[Source data]
.....

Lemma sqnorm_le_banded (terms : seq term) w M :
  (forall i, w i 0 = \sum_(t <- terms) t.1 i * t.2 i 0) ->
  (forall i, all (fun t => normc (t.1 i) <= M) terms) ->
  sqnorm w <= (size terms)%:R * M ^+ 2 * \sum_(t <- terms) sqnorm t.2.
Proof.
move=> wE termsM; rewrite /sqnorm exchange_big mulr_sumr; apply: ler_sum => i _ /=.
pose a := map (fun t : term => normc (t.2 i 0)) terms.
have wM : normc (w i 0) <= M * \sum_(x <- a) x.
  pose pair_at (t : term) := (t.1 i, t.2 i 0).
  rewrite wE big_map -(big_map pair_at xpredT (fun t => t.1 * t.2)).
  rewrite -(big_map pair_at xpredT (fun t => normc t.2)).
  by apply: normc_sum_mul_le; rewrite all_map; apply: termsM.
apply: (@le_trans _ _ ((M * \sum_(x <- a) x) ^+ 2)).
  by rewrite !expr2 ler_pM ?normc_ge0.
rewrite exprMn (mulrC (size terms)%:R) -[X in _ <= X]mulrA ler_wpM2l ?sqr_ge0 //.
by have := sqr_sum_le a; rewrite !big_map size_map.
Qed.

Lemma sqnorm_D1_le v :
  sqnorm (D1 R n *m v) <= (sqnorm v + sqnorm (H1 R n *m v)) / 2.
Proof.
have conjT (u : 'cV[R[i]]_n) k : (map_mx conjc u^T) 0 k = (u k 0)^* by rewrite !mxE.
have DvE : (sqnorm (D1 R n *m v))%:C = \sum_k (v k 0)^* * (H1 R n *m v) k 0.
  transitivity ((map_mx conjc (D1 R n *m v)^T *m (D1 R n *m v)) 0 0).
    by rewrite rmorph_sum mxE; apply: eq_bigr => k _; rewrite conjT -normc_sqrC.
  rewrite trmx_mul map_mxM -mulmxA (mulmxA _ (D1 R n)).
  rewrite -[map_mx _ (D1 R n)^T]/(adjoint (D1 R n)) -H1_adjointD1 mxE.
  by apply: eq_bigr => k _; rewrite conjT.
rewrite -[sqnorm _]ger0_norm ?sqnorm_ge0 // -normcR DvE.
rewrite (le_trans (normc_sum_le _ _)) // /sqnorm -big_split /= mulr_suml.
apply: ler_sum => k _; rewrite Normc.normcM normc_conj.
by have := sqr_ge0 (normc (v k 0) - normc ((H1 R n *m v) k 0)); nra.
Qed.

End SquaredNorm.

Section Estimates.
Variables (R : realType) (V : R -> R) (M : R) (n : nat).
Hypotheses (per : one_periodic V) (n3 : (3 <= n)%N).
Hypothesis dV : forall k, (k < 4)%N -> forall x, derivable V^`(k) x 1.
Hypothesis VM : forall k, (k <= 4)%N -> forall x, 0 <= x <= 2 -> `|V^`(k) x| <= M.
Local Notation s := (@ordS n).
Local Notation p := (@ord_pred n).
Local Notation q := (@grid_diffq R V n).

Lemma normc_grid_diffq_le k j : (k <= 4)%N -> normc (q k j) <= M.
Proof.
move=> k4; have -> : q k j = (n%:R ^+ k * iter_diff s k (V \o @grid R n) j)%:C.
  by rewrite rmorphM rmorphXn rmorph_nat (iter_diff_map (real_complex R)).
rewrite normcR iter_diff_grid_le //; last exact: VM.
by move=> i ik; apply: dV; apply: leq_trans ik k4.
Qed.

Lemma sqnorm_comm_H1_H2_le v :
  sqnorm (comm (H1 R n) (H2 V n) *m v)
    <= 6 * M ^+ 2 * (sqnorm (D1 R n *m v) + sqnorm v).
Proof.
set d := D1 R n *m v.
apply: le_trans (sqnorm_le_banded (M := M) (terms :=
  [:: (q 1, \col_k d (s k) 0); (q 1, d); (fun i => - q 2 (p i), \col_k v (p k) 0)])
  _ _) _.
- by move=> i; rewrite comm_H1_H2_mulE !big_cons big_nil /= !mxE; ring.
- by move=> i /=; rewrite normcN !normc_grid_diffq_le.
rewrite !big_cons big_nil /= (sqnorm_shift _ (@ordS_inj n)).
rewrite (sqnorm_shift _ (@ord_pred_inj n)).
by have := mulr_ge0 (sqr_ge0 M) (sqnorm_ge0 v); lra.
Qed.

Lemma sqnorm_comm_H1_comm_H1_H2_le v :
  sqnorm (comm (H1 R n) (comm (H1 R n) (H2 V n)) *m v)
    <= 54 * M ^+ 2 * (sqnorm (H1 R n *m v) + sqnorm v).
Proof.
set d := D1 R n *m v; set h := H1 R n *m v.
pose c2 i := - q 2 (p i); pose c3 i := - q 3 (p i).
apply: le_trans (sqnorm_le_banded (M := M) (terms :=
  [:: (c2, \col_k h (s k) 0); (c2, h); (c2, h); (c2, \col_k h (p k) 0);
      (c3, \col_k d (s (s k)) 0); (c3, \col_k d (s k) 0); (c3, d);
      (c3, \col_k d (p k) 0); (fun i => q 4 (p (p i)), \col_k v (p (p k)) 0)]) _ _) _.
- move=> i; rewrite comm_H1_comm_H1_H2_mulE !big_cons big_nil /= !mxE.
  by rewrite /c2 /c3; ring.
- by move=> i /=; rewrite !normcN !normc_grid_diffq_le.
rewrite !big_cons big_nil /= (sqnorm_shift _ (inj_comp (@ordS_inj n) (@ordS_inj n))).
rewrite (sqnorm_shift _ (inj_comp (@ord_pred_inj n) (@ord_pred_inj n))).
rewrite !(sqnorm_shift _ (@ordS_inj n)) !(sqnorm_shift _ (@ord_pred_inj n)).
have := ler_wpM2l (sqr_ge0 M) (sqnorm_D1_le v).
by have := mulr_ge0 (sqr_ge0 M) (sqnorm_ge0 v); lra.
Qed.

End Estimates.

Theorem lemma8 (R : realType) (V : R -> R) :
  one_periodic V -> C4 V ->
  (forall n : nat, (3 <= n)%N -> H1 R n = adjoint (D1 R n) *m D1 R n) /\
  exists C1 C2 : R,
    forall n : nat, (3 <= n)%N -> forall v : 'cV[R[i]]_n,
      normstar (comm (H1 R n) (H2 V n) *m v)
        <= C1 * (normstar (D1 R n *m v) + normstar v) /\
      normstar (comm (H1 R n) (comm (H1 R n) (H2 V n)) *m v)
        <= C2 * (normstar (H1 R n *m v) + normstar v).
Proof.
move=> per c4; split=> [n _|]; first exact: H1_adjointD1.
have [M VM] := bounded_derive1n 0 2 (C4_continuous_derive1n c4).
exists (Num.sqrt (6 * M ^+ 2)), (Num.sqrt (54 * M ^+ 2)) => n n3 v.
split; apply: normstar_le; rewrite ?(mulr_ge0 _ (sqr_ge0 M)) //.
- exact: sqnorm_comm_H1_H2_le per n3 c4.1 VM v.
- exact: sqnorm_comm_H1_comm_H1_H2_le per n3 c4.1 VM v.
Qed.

.....

**WHAT TO WORK ON:** Determine the number of lines in the data that contain "have" as a word or string, and state only that number.

**SOLUTION FOR THIS PROBLEM:** 10